>>>

Lemma hdist_rev_triangle x y w :
  Rabs (hnorm (hsub x w) - hnorm (hsub y w)) <= hnorm (hsub x y).
Proof.
  apply Rabs_le. pose proof (hdist_triangle x y w). pose proof (hdist_triangle y x w).
  rewrite (hdist_sym y x) in *. lra.
Qed.

End HilbertAlgebra.

(** * A monotonicity criterion for continuous real functions *)

Definition cont_at (f : R -> R) (x : R) : Prop :=
  forall e, e > 0 -> exists d, d > 0 /\ forall y, Rabs (y - x) < d -> Rabs (f y - f x) < e.

Definition total_length (l : list (R * R)) : R :=
  fold_right (fun p acc => (snd p - fst p) + acc) 0 l.

Definition total_increment (f : R -> R) (l : list (R * R)) : R :=
  fold_right (fun p acc => (f (snd p) - f (fst p)) + acc) 0 l.

Definition cover_length (an bn : nat -> R) (F : list nat) : R :=
  fold_right (fun n acc => (bn n - an n) + acc) 0 F.

Definition record_point (f : R -> R) (a b y0 y1 x : R) : Prop :=
  a <= x <= b /\ (forall t, a <= t <= x -> f t <= f x) /\ y0 <= f x <= y1.

Lemma Rabs_le_inv x M : Rabs x <= M -> - M <= x <= M.
Proof. intros Hx. pose proof (Rle_abs x). pose proof (Rle_abs (- x)). rewrite Rabs_Ropp in *. lra. Qed.

Lemma cont_at_continuity_pt f x : cont_at f x -> continuity_pt f x.
Proof.
  intros Hc eps Heps. destruct (Hc eps Heps) as [d [Hd Hf]].
  exists d. split; [lra|]. intros y [_ Hy]. apply Hf, Hy.
Qed.

Lemma intervals_in_le x b l : intervals_in x b l -> x <= b.
Proof.
  revert x. induction l as [|[p q] l IH]; simpl; [auto|].
  intros x [H1 [H2 H3]]. specialize (IH q H3). lra.
Qed.

Lemma intervals_in_widen x y b l : intervals_in x b l -> y <= x -> intervals_in y b l.
Proof. destruct l as [|[p q] l]; simpl; intuition lra. Qed.

Lemma cover_length_ge0 an bn F : (forall k, an k <= bn k) -> 0 <= cover_length an bn F.
Proof. intros Hw; induction F as [|k F IH]; simpl; [lra|]. specialize (Hw k); lra. Qed.

Lemma cover_length_remove an bn F n : (forall k, an k <= bn k) -> In n F ->
  (bn n - an n) + cover_length an bn (remove Nat.eq_dec n F) <= cover_length an bn F.
Proof.
  intros Hw. assert (Hrm : forall G, cover_length an bn (remove Nat.eq_dec n G) <= cover_length an bn G).
  { induction G as [|k G IHG]; simpl; [lra|]. destruct (Nat.eq_dec n k); simpl; specialize (Hw k); lra. }
  induction F as [|k F IH]; simpl; [tauto|]. intros Hin.
  destruct (Nat.eq_dec n k) as [<-|Hnk]; simpl.
  - specialize (Hrm F). lra.
  - destruct Hin as [->|Hin]; [congruence|]. specialize (IH Hin). lra.
Qed.

Lemma cover_length_seq an bn M :
  cover_length an bn (seq 0 (S M)) = sum_f_R0 (fun k => bn k - an k) M.
Proof.
  assert (Happ : forall F1 F2, cover_length an bn (F1 ++ F2) = cover_length an bn F1 + cover_length an bn F2).
  { induction F1; intros; simpl; [lra|]. rewrite IHF1; lra. }
  induction M; [simpl; lra|]. rewrite seq_S, Happ, IHM. simpl. lra.
Qed.

Section RecordPoints.
Variables (f : R -> R) (a b : R).
Hypothesis Hab : a <= b.
Hypothesis Hcont : forall t, a <= t <= b -> cont_at f t.

Lemma exists_sup_ab (P : R -> Prop) : P a -> (forall x, P x -> x <= b) ->
  exists s, a <= s <= b /\ (forall x, P x -> x <= s) /\
    forall rho, rho > 0 -> exists x, P x /\ s - rho < x.
Proof.
  intros Pa Pb. destruct (completeness P (ex_intro _ b Pb) (ex_intro _ a Pa)) as [s [Hub Hlub]].
  exists s. split; [split; [apply Hub, Pa | apply Hlub; exact Pb]|]. split; [exact Hub|].
  intros rho Hr. apply NNPP. intro Hn. assert (s <= s - rho); [|lra].
  apply Hlub. intros x Px. apply Rnot_lt_le. intro Hlt. apply Hn. exists x; split; auto; lra.
Qed.

Lemma last_point_below m : f a <= m -> m < f b ->
  exists r, a <= r < b /\ f r = m /\ (forall t, a <= t <= r -> f t <= m) /\
    (forall x, x <= b -> (forall t, a <= t <= x -> f t <= m) -> x <= r).
Proof.
  intros Ha Hb.
  set (E := fun x => a <= x <= b /\ forall t, a <= t <= x -> f t <= m).
  assert (Ea : E a) by (split; [lra| intros t Ht; replace t with a by lra; auto]).
  destruct (exists_sup_ab E Ea (fun x Ex => proj2 (proj1 Ex))) as [r [[ar rb] [Hub Hnear]]].
  assert (Er : forall t, a <= t <= r -> f t <= m).
  { intros t Ht. apply Rnot_lt_le. intro Hgt.
    destruct (Hcont t ltac:(lra) (f t - m)) as [d [Hd Hf]]; [lra|].
    destruct (Req_dec t r) as [->|Htr].
    - destruct (Req_dec r a) as [->|Hra]; [lra|].
      destruct (Hnear (Rmin d (r - a))) as [x [Ex Hxr]]; [apply Rmin_pos; lra|].
      pose proof (Rmin_l d (r - a)). pose proof (Rmin_r d (r - a)).
      assert (x <= r) by (apply Hub, Ex). destruct Ex as [_ Hx].
      specialize (Hf x ltac:(apply Rabs_def1; lra)). specialize (Hx x ltac:(lra)).
      apply Rabs_def2 in Hf. lra.
    - destruct (Hnear (r - t)) as [x [[_ Hx] Hxt]]; [lra|]. specialize (Hx t ltac:(lra)). lra. }
  assert (rlt : r < b) by (destruct (Req_dec r b) as [->|]; [specialize (Er b); lra| lra]).
  exists r. split; [lra|]. split; [|split; [exact Er|]].
  - apply Rle_antisym; [apply Er; lra|]. apply Rnot_lt_le. intro Hlt.
    destruct (Hcont r ltac:(lra) (m - f r)) as [d [Hd Hf]]; [lra|].
    set (x := Rmin b (r + d / 2)).
    assert (r < x <= b) by (unfold x, Rmin; destruct Rle_dec; lra).
    assert (Ex : E x).
    { split; [lra|]. intros t Ht. destruct (Rle_dec t r); [apply Er; lra|].
      assert (Htr : Rabs (t - r) < d) by (apply Rabs_def1; unfold x, Rmin in *; destruct Rle_dec; lra).
      specialize (Hf t Htr). apply Rabs_def2 in Hf. lra. }
    specialize (Hub x Ex). lra.
  - intros x Hx Hx2. destruct (Rle_dec a x); [apply Hub; split; auto; lra | lra].
Qed.

Variables (y0 y1 : R) (an bn : nat -> R).
Hypothesis Hwell : forall n, an n <= bn n.

(** Starting from a record point [p] and using intervals from [F] that cover all later record
    points, build disjoint intervals of total length at most that of [F] on which [f] rises by
    at least [y1 - f p]: climb to the maximum inside the current covering interval, then jump
    to the last point where [f] stays below that maximum, which is again a record point. *)
Lemma record_chain : y1 <= f b ->
  forall k F p, (length F < k)%nat -> record_point f a b y0 y1 p ->
  (forall t, record_point f a b y0 y1 t -> p <= t -> exists n, In n F /\ an n < t < bn n) ->
  exists l, intervals_in p b l /\ total_length l <= cover_length an bn F /\
    total_increment f l >= y1 - f p.
Proof.
  intros Hy1 k. induction k as [|k IH]; intros F p Hlen Kp Hcov; [lia|].
  destruct (Hcov p Kp (Rle_refl p)) as [n0 [Hin [Ha0 Hb0]]].
  destruct Kp as [[Hap Hpb] [Hmaxp [Hy0p Hy1p]]].
  set (c := Rmin (bn n0) b).
  assert (pc : p <= c) by (unfold c, Rmin; destruct Rle_dec; lra).
  assert (cb : c <= b) by apply Rmin_r.
  destruct (continuity_ab_maj f p c pc) as [q [Hqmax Hq]].
  { intros t Ht; apply cont_at_continuity_pt, Hcont; lra. }
  assert (Hall : forall t, a <= t <= c -> f t <= f q).
  { intros t Ht. destruct (Rle_dec t p).
    - specialize (Hmaxp t ltac:(lra)). specialize (Hqmax p ltac:(lra)). lra.
    - apply Hqmax; lra. }
  assert (Wn := cover_length_remove an bn F n0 Hwell Hin).
  assert (Wr := cover_length_ge0 an bn (remove Nat.eq_dec n0 F) Hwell).
  assert (lenq : q - p <= bn n0 - an n0) by (assert (c <= bn n0) by apply Rmin_l; lra).
  destruct (Rle_dec y1 (f q)) as [Hge|Hlt].
  { exists ((p, q) :: nil). simpl. split; [repeat split; lra|]. lra. }
  apply Rnot_le_lt in Hlt.
  destruct (last_point_below (f q) ltac:(apply Hall; lra) ltac:(lra))
    as [r [Hr [Hfr [Hbel Hmaxr]]]].
  assert (cr : c <= r) by (apply Hmaxr; auto).
  assert (Kr : record_point f a b y0 y1 r).
  { split; [lra|]. split; [intros t Ht; rewrite Hfr; apply Hbel; auto|].
    specialize (Hqmax p ltac:(lra)). lra. }
  assert (Hcov' : forall t, record_point f a b y0 y1 t -> r <= t ->
            exists n, In n (remove Nat.eq_dec n0 F) /\ an n < t < bn n).
  { intros t Kt Hrt. destruct (Hcov t Kt ltac:(lra)) as [n [Hn1 Hn2]]. exists n. split; auto.
    apply in_in_remove; auto. intros ->. unfold c, Rmin in cr; destruct Rle_dec; lra. }
  assert (Hlen' : (length (remove Nat.eq_dec n0 F) < k)%nat)
    by (pose proof (remove_length_lt Nat.eq_dec F n0 Hin); lia).
  destruct (IH _ r Hlen' Kr Hcov') as [l [Hl1 [Hl2 Hl3]]].
  exists ((p, q) :: l). simpl. split; [repeat split; try lra; apply intervals_in_widen with r; [exact Hl1| lra]|].
  lra.
Qed.

Lemma not_record_point_open s : a <= s <= b -> ~ record_point f a b y0 y1 s ->
  exists rho, rho > 0 /\ forall t, Rabs (t - s) < rho -> ~ record_point f a b y0 y1 t.
Proof.
  intros Hs Hn. pose proof (Hcont s Hs) as Hc.
  destruct (classic (forall t, a <= t <= s -> f t <= f s)) as [Hall|Hex].
  - assert (Hout : f s < y0 \/ y1 < f s) by (destruct (Rlt_dec (f s) y0), (Rlt_dec y1 (f s));
      auto; exfalso; apply Hn; repeat split; auto; lra).
    destruct (Hc (Rmax (y0 - f s) (f s - y1))) as [d [Hd Hf]].
    { destruct Hout; [eapply Rlt_le_trans, Rmax_l| eapply Rlt_le_trans, Rmax_r]; lra. }
    exists d; split; auto. intros t Ht [_ [_ Kt]]. specialize (Hf t Ht). apply Rabs_def2 in Hf.
    unfold Rmax in Hf; destruct Rle_dec; lra.
  - apply not_all_ex_not in Hex. destruct Hex as [t0 Ht0].
    apply imply_to_and in Ht0. destruct Ht0 as [Ht0 Hgt]. apply Rnot_le_lt in Hgt.
    assert (t0 < s) by (destruct (Req_dec t0 s) as [->|]; lra).
    destruct (Hc (f t0 - f s)) as [d [Hd Hf]]; [lra|].
    exists (Rmin d (s - t0)). split; [apply Rmin_pos; lra|].
    intros t Ht [_ [Kt _]]. pose proof (Rmin_l d (s - t0)). pose proof (Rmin_r d (s - t0)).
    specialize (Hf t ltac:(lra)). apply Rabs_def2 in Hf. apply Rabs_def2 in Ht.
    specialize (Kt t0 ltac:(lra)). lra.
Qed.

(** The record points form a compact set, so a countable open cover has a finite subcover. *)
Lemma record_points_finite_subcover :
  (forall x, record_point f a b y0 y1 x -> exists n, an n < x < bn n) ->
  exists M, forall t, record_point f a b y0 y1 t -> exists n, (n <= M)%nat /\ an n < t < bn n.
Proof.
  intros Hcov.
  set (E := fun x => a <= x <= b /\ exists M, forall t, record_point f a b y0 y1 t -> t <= x ->
                       exists n, (n <= M)%nat /\ an n < t < bn n).
  assert (Ea : E a).
  { split; [lra|]. destruct (classic (record_point f a b y0 y1 a)) as [Ka|Ka].
    - destruct (Hcov a Ka) as [n Hn]. exists n. intros t Kt Hta.
      replace t with a by (destruct Kt as [[? ?] _]; lra). exists n; split; auto.
    - exists 0%nat. intros t Kt Hta. replace t with a in Kt by (destruct Kt as [[? ?] _]; lra). tauto. }
  destruct (exists_sup_ab E Ea (fun x Ex => proj2 (proj1 Ex))) as [s [[Has sb] [Hub Hnear]]].
  assert (ext : exists x', E x' /\ (s < x' \/ x' = b)).
  { destruct (classic (record_point f a b y0 y1 s)) as [Ks|Ks].
    - destruct (Hcov s Ks) as [n0 Hn0].
      destruct (Hnear (s - an n0)) as [x [Ex Hx2]]; [lra|].
      assert (xs : x <= s) by (apply Hub, Ex). destruct Ex as [Hx1 [M HM]].
      set (x' := Rmin b ((s + bn n0) / 2)).
      exists x'. split; [split; [unfold x', Rmin; destruct Rle_dec; lra|]|].
      + exists (Nat.max M n0). intros t Kt Ht.
        destruct (Rle_dec t x) as [Htx|Htx].
        * destruct (HM t Kt Htx) as [n [Hn Hn']]. exists n; split; auto; lia.
        * exists n0. split; [lia|]. unfold x', Rmin in Ht; destruct Rle_dec; lra.
      + unfold x', Rmin; destruct Rle_dec; [right; auto|left; lra].
    - destruct (not_record_point_open s ltac:(lra) Ks) as [rho [Hr Hrho]].
      destruct (Hnear rho Hr) as [x [Ex Hx2]].
      assert (xs : x <= s) by (apply Hub, Ex). destruct Ex as [Hx1 [M HM]].
      set (x' := Rmin b (s + rho / 2)).
      exists x'. split; [split; [unfold x', Rmin; destruct Rle_dec; lra|]|].
      + exists M. intros t Kt Ht.
        destruct (Rle_dec t x) as [Htx|Htx]; [apply HM; auto|].
        exfalso. apply (Hrho t); auto. apply Rabs_def1; unfold x', Rmin in Ht; destruct Rle_dec; lra.
      + unfold x', Rmin; destruct Rle_dec; [right; auto|left; lra]. }
  destruct ext as [x' [Ex' [Hlt | ->]]]; [specialize (Hub x' Ex'); lra|].
  destruct Ex' as [_ [M HM]]. exists M. intros t Kt. apply HM; auto. destruct Kt as [[? ?] _]; auto.
Qed.

End RecordPoints.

<<<

Exercise description: Reproduce exactly, and only, the part of the listing above that begins at the line with "intros Hy1 k." and goes on through the line with "- apply Hqmax;".

Response to this task:
  intros Hy1 k. induction k as [|k IH]; intros F p Hlen Kp Hcov; [lia|].
  destruct (Hcov p Kp (Rle_refl p)) as [n0 [Hin [Ha0 Hb0]]].
  destruct Kp as [[Hap Hpb] [Hmaxp [Hy0p Hy1p]]].
  set (c := Rmin (bn n0) b).
  assert (pc : p <= c) by (unfold c, Rmin; destruct Rle_dec; lra).
  assert (cb : c <= b) by apply Rmin_r.
  destruct (continuity_ab_maj f p c pc) as [q [Hqmax Hq]].
  { intros t Ht; apply cont_at_continuity_pt, Hcont; lra. }
  assert (Hall : forall t, a <= t <= c -> f t <= f q).
  { intros t Ht. destruct (Rle_dec t p).
    - specialize (Hmaxp t ltac:(lra)). specialize (Hqmax p ltac:(lra)). lra.
    - apply Hqmax; lra. }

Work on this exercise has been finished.